(Exercise requirements):
Among the entries, which lines carry the string "ltnW"? Copy every one.

Stored items:
(* B = M + mu Q_N is tridiagonal with nonnegative off-diagonal entries.  Put
   t = sqrt (mu^2 + 1) and, for mu > 0, let e = (t - 1) / mu be the positive
   root of mu e^2 + 2 e = mu, so that 1 - mu + mu e = t - mu.  The profile
   w_k = e^|k - A| is an approximate eigenvector on both sides:
   B w <= (N (t - mu) + 2 (t - 1)) w and w B >= N (t - mu) w componentwise.
   The first inequality bounds every real eigenvalue from above
   (Collatz-Wielandt).  For the second, the three-term recurrence of a
   tridiagonal matrix produces a Sturm-type sequence of polynomials whose last
   residual vanishes exactly at eigenvalues; a left supersolution forbids the
   sequence from being positive below N (t - mu), and the largest point where
   positivity fails is an eigenvalue.  Hence
   N (t - mu) <= mbar <= N (t - mu) + 2 (t - 1), and dividing by N = 2A gives
   the limit.  For mu = 0 the matrix is diagonal and mbar = N. *)

Section Tridiagonal.
Variable R : pzRingType.

(* Coefficients are indexed by the column, as in the definition of Q_N. *)
Definition tridiag n (b a c : nat -> R) : 'M[R]_n.+1 :=
  \matrix_(i, j) ((if i == j :> nat then b j else 0)
                + (if i == j.+1 :> nat then a j else 0)
                + (if i.+1 == j :> nat then c j else 0)).

Lemma eqS_pred (i j : nat) : (i == j.+1) = (0 < i)%N && (j == i.-1).
Proof. by case: i => [|i] //=; rewrite eqSS eq_sym. Qed.

Lemma sum_ord_eq m (P : bool) (t : nat) (F : nat -> R) :
  \sum_(j < m) (if P && (j == t :> nat) then F j else 0) =
  if (t < m)%N && P then F t else 0.
Proof.
by rewrite -big_mkcond /= (big_ord1_cond_eq _ F (fun _ => P)).
Qed.

Lemma tridiag_row n (b a c : nat -> R) (v : nat -> R) (i : 'I_n.+1) :
  \sum_j tridiag n b a c i j * v j =
  b i * v i + (if (0 < i)%N then a i.-1 * v i.-1 else 0)
  + (if (i < n)%N then c i.+1 * v i.+1 else 0).
Proof.
pose bv k := b k * v k; pose av k := a k * v k; pose cv k := c k * v k.
have entry (j : 'I_n.+1) : tridiag n b a c i j * v j =
    (if true && (j == i :> nat) then bv j else 0)
  + (if (0 < i)%N && (j == i.-1 :> nat) then av j else 0)
  + (if true && (j == i.+1 :> nat) then cv j else 0).
  by rewrite mxE -eqS_pred [_ == j :> nat]eq_sym [_.+1 == j :> nat]eq_sym !mulrDl
     !(fun_if (fun x => x * v j)) !mul0r.
rewrite (eq_bigr _ (fun j _ => entry j)) !big_split !sum_ord_eq ltn_ord.
by rewrite (leq_ltn_trans (leq_pred i) (ltn_ord i)) ltnS !andbT.
Qed.

Lemma tridiag_col n (b a c : nat -> R) (w : nat -> R) (j : 'I_n.+1) :
  \sum_(i < n.+1) w i * tridiag n b a c i j =
  w j * b j + (if (j < n)%N then w j.+1 * a j else 0)
  + (if (0 < j)%N then w j.-1 * c j else 0).
Proof.
pose wb k := w k * b j; pose wa k := w k * a j; pose wc k := w k * c j.
have entry (i : 'I_n.+1) : w i * tridiag n b a c i j =
    (if true && (i == j :> nat) then wb i else 0)
  + (if true && (i == j.+1 :> nat) then wa i else 0)
  + (if (0 < j)%N && (i == j.-1 :> nat) then wc i else 0).
  by rewrite mxE -eqS_pred [_.+1 == j :> nat]eq_sym !mulrDr !(fun_if (fun x => w i * x)) !mulr0.
rewrite (eq_bigr _ (fun i _ => entry i)) !big_split !sum_ord_eq ltn_ord.
by rewrite (leq_ltn_trans (leq_pred j) (ltn_ord j)) ltnS !andbT.
Qed.

Lemma tridiag_col_boundary n (b a c w : nat -> R) (j : 'I_n.+1) :
  a n = 0 -> c 0%N = 0 ->
  \sum_(i < n.+1) w i * tridiag n b a c i j =
  w j * b j + w j.+1 * a j + w j.-1 * c j.
Proof.
move=> an0 c00; rewrite tridiag_col.
have -> : (if (j < n)%N then w j.+1 * a j else 0) = w j.+1 * a j.
  case: ltnP => // j_ge; suff -> : nat_of_ord j = n by rewrite an0 mulr0.
  by apply/eqP; rewrite eqn_leq j_ge -ltnS ltn_ord.
by case: posnP => // ->; rewrite c00 mulr0.
Qed.

End Tridiagonal.

Lemma eigenvalue_tr (F : fieldType) n (B : 'M[F]_n) x :
  eigenvalue B^T x = eigenvalue B x.
Proof.
rewrite /eigenvalue /eigenspace !kermx_eq0 !row_free_unit -[in RHS]unitmx_tr.
by rewrite linearB /= tr_scalar_mx.
Qed.

Section Metzler.
Variable R : realFieldType.

Definition metzler n (B : 'M[R]_n) := forall i j, i != j -> 0 <= B i j.

Lemma metzler_eigenvector_abs n (B : 'M[R]_n) (v : 'rV[R]_n) l j :
  metzler B -> v *m B = l *: v -> l * `|v 0 j| <= \sum_i `|v 0 i| * B i j.
Proof.
move=> B_metzler /(congr1 (fun M : 'rV_n => M 0 j)); rewrite !mxE (bigD1 j) //=.
move=> /(congr1 (fun y => y - v 0 j * B j j)); rewrite [LHS]addrC addKr => offdiag.
have off_le : `|l - B j j| * `|v 0 j| <= \sum_(i | i != j) `|v 0 i| * B i j.
  rewrite -normrM mulrBl [B j j * _]mulrC -offdiag (le_trans (ler_norm_sum _ _ _)) //.
  by apply: ler_sum => i ij; rewrite normrM (ger0_norm (B_metzler _ _ ij)).
rewrite (bigD1 j) //=.
have := ler_norm (l - B j j); have := normr_ge0 (v 0 j); nra.
Qed.

Lemma metzler_eigenvalue_le n (B : 'M[R]_n.+1) (u : 'I_n.+1 -> R) lam l :
  metzler B -> (forall i, 0 < u i) ->
  (forall i, \sum_j B i j * u j <= lam * u i) -> eigenvalue B l -> l <= lam.
Proof.
move=> B_metzler u_gt0 Bu_le /eigenvalueP [v vB v_neq0].
pose S := \sum_j `|v 0 j| * u j.
have S_gt0 : 0 < S.
  rewrite lt_def sumr_ge0 ?andbT => [|j _]; last by rewrite mulr_ge0 // ltW.
  have S_term_ge0 j : true -> 0 <= `|v 0 j| * u j by rewrite mulr_ge0 // ltW.
  apply: contra v_neq0 => /eqP/(psumr_eq0P S_term_ge0) S0.
  apply/eqP/rowP => j; have /eqP := S0 j isT; rewrite !mxE.
  by rewrite mulf_eq0 normr_eq0 (gt_eqF (u_gt0 j)) orbF => /eqP.
suff : l * S <= lam * S by rewrite ler_pM2r.
apply: (@le_trans _ _ (\sum_j (\sum_i `|v 0 i| * B i j) * u j)).
  rewrite mulr_sumr; apply: ler_sum => j _; rewrite mulrA.
  by apply: ler_wpM2r; [exact: ltW | exact: metzler_eigenvector_abs].
under eq_bigr => j _ do rewrite mulr_suml.
rewrite exchange_big mulr_sumr; apply: ler_sum => i _ /=.
under eq_bigr => j _ do rewrite -mulrA.
by rewrite -mulr_sumr mulrCA ler_wpM2l.
Qed.

End Metzler.

Lemma eigenvalue_diag_mx (F : fieldType) n (d : 'rV[F]_n) i : eigenvalue (diag_mx d) (d 0 i).
Proof.
apply/eigenvalueP; exists (delta_mx 0 i); first by rewrite -rowE row_diag_mx.
by apply/eqP => /matrixP/(_ 0 i); rewrite !mxE !eqxx; apply/eqP; exact: oner_neq0.
Qed.

Lemma dominant_eigenvalue_bounds (R : realType) n (B : 'M[R]_n.+1) lo hi :
  (forall x, x < lo -> exists2 l, x <= l & eigenvalue B l) ->
  (forall l, eigenvalue B l -> l <= hi) ->
  lo <= dominant_eigenvalue B <= hi.
Proof.
move=> eig_ge eig_le; rewrite /dominant_eigenvalue; set S := [set l | _].
have [l0 _ S_l0] : exists2 l, lo - 1 <= l & S l by apply: eig_ge; lra.
have S_sup : has_sup S by split; [exists l0 | exists hi].
apply/andP; split; last by apply: ge_sup => //; exists l0.
apply/ler_addgt0Pr => eps eps_gt0.
have [l l_ge S_l] : exists2 l, lo - eps <= l & S l by apply: eig_ge; lra.
by have := sup_upper_bound S_sup S_l; lra.
Qed.

Section RealFacts.
Variable R : realType.

Lemma exists_gt_finite (f : nat -> R) m : exists X, forall k, (k <= m)%N -> f k < X.
Proof.
elim: m => [|m [X X_gt]].
  by exists (f 0%N + 1) => k; rewrite leqn0 => /eqP ->; rewrite ltrDl.
exists (Num.max X (f m.+1 + 1)) => k; rewrite leq_eqVlt => /orP [/eqP ->|k_le].
  by rewrite lt_max ltrDl ltr01 orbT.
by rewrite lt_max X_gt.
Qed.

Lemma ge0_of_gt0_right (f : R -> R) x :
  {for x, continuous f} -> (forall y, x < y -> 0 < f y) -> 0 <= f x.
Proof.
move=> f_cont f_gt0; apply: (cvgr_to_ge (cvg_at_right_filter f_cont)).
near=> y; apply/ltW/f_gt0; near: y; exact: nbhs_right_gt.
Unshelve. all: by end_near.
Qed.

End RealFacts.

Section Sturm.
Variable R : realType.
Variables (n : nat) (b a c : nat -> R).
Hypothesis n_gt0 : (0 < n)%N.
Hypothesis a_gt0 : forall j, (j < n)%N -> 0 < a j.
Hypothesis c_gt0 : forall j, (0 < j <= n)%N -> 0 < c j.

(* (sturm k).[x] is q_k, where q solves rows 0, ..., n - 1 of B q = x q with
   q_0 = 1 (row k determines q_(k+1) because c (k + 1) > 0); (residual n).[x]
   is the defect of q in the last row, so its roots are eigenvalues of B. *)
Fixpoint sturm_pair k : {poly R} * {poly R} :=
  if k is k'.+1 then
    let: (p, q) := sturm_pair k' in
    (q, (c k)^-1 *: (('X - (b k')%:P) * q - a k'.-1 *: p))
  else (0, 1).

Definition sturm k := (sturm_pair k).2.
Definition sturm_prev k := (sturm_pair k).1.
Definition residual k := ('X - (b k)%:P) * sturm k - a k.-1 *: sturm_prev k.

Lemma sturm0 : sturm 0 = 1. Proof. by []. Qed.
Lemma sturm_prev0 : sturm_prev 0 = 0. Proof. by []. Qed.
Lemma sturm_prevS k : sturm_prev k.+1 = sturm k.
Proof. by rewrite /sturm_prev /sturm /=; case: (sturm_pair k). Qed.
Lemma sturmS k : sturm k.+1 = (c k.+1)^-1 *: residual k.
Proof. by rewrite /residual /sturm /sturm_prev /=; case: (sturm_pair k). Qed.

Lemma horner_residual k x :
  (residual k).[x] = (x - b k) * (sturm k).[x] - a k.-1 * (sturm_prev k).[x].
Proof. by rewrite /residual !hornerE. Qed.

Lemma horner_sturmS k x : (sturm k.+1).[x] = (residual k).[x] / c k.+1.
Proof. by rewrite sturmS hornerZ mulrC. Qed.

Lemma tridiag_sturm_row x (i : 'I_n.+1) :
  \sum_j tridiag n b a c i j * (sturm j).[x] =
  x * (sturm i).[x] - (if i == n :> nat then (residual n).[x] else 0).
Proof.
rewrite (tridiag_row b a c (fun k => (sturm k).[x]) i).
have -> : (if (0 < i)%N then a i.-1 * (sturm i.-1).[x] else 0)
          = a i.-1 * (sturm_prev i).[x].
  by case: (nat_of_ord i) => [|k]; rewrite ?sturm_prev0 ?horner0 ?mulr0 // sturm_prevS.
have [->|i_neq] := eqVneq (i : nat) n.
  by rewrite ltnn horner_residual; ring.
have i_lt : (i < n)%N by rewrite ltn_neqAle i_neq -ltnS ltn_ord.
have c_neq0 : c i.+1 != 0 by rewrite gt_eqF // c_gt0.
by rewrite i_lt horner_sturmS mulrCA divff // horner_residual; ring.
Qed.

Definition sturm_pos x :=
  (forall k, (k <= n)%N -> 0 < (sturm k).[x]) /\ 0 < (residual n).[x].

Lemma sturm_pos_of_large y :
  (forall k, (k <= n)%N -> b k + a k.-1 + `|c k.+1| < y) -> sturm_pos y.
Proof.
move=> y_large.
have a_ge0 k : (k <= n)%N -> 0 <= a k.-1.
  by move=> k_le; rewrite ltW // a_gt0 //; lia.
have residual_ge k : (k <= n)%N -> (sturm_prev k).[y] <= (sturm k).[y] ->
    (y - b k - a k.-1) * (sturm k).[y] <= (residual k).[y].
  move=> k_le pq; rewrite horner_residual.
  have := ler_wpM2l (a_ge0 k k_le) pq; rewrite !mulrBl; lra.
have step k : (k <= n)%N -> (sturm_prev k).[y] <= (sturm k).[y] /\ 0 < (sturm k).[y].
  elim: k => [_|k IH k_lt]; first by rewrite sturm0 sturm_prev0 horner0 hornerC ler01.
  have [pq q_gt0] := IH (ltnW k_lt).
  have c_pos : 0 < c k.+1 by rewrite c_gt0.
  have := y_large k (ltnW k_lt); rewrite gtr0_norm // => yk.
  have q_le : (sturm k).[y] <= (sturm k.+1).[y].
    rewrite horner_sturmS ler_pdivlMr // mulrC.
    apply: le_trans (residual_ge k (ltnW k_lt) pq).
    by rewrite ler_wpM2r ?ltW //; lra.
  by rewrite sturm_prevS; split => //; apply: lt_le_trans q_le.
have [pq q_gt0] := step n (leqnn n).
split=> [k /step [] //|]; apply: lt_le_trans (residual_ge n (leqnn n) pq).
by rewrite mulr_gt0 //; have := y_large n (leqnn n); have := normr_ge0 (c n.+1); lra.
Qed.

Lemma sturm_pos_eventually : exists X, forall y, X <= y -> sturm_pos y.
Proof.
have [X X_gt] := exists_gt_finite (fun k => b k + a k.-1 + `|c k.+1|) n.
by exists X => y X_le; apply: sturm_pos_of_large => k /X_gt /lt_le_trans; apply.
Qed.

(* Pair the left supersolution w with q(x) > 0: B q(x) is x q(x) minus a
   nonnegative correction in the last row. *)
Lemma le_of_sturm_pos x lam (w : nat -> R) (j0 : 'I_n.+1) :
  sturm_pos x -> (forall j : 'I_n.+1, 0 <= w j) -> 0 < w j0 ->
  (forall j : 'I_n.+1, lam * w j <= \sum_(i < n.+1) w i * tridiag n b a c i j) ->
  lam <= x.
Proof.
move=> [q_gt0 res_gt0] w_ge0 w_j0 w_sub.
have q_pos (j : 'I_n.+1) : 0 < (sturm j).[x] by rewrite q_gt0 // -ltnS.
pose S := \sum_(j < n.+1) w j * (sturm j).[x].
have S_gt0 : 0 < S.
  rewrite /S (bigD1 j0) //= ltr_pwDl ?mulr_gt0 // sumr_ge0 // => j _.
  by rewrite mulr_ge0 // ltW.
rewrite -(ler_pM2r S_gt0); apply: (@le_trans _ _
  (\sum_(j < n.+1) (\sum_(i < n.+1) w i * tridiag n b a c i j) * (sturm j).[x])).
  rewrite mulr_sumr; apply: ler_sum => j _; rewrite mulrA.
  by apply: ler_wpM2r; [exact: ltW | exact: w_sub].
under eq_bigr => j _ do rewrite mulr_suml.
rewrite exchange_big mulr_sumr; apply: ler_sum => i _ /=.
under eq_bigr => j _ do rewrite -mulrA.
rewrite -mulr_sumr tridiag_sturm_row mulrBr mulrCA gerBl.
by case: ifP => _; rewrite mulr_ge0 // ltW.
Qed.

Lemma sturm_pos_near x : sturm_pos x -> \forall y \near x, sturm_pos y.
Proof.
move=> [q_gt0 res_gt0].
have q_pos (k : 'I_n.+1) : 0 < (sturm k).[x] by rewrite q_gt0 // -ltnS.
have q_near : \forall y \near x, forall k : 'I_n.+1, 0 < (sturm k).[y].
  apply: (@filter_forall _ _ _ (nbhs x)) => k.
  exact: (cvgr_gt _ (@continuous_horner _ _ x) _ (q_pos k)).
have res_near : \forall y \near x, 0 < (residual n).[y].
  exact: (cvgr_gt _ (@continuous_horner _ _ x) _ res_gt0).
near=> y.
have q_y : forall k : 'I_n.+1, 0 < (sturm k).[y] by near: y.
split => [k k_le|]; last by near: y.
exact: (q_y (Ordinal (k_le : (k < n.+1)%N))).
Unshelve. all: by end_near.
Qed.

(Problem solution):
  have [pq q_gt0] := IH (ltnW k_lt).
  have := y_large k (ltnW k_lt); rewrite gtr0_norm // => yk.
    apply: le_trans (residual_ge k (ltnW k_lt) pq).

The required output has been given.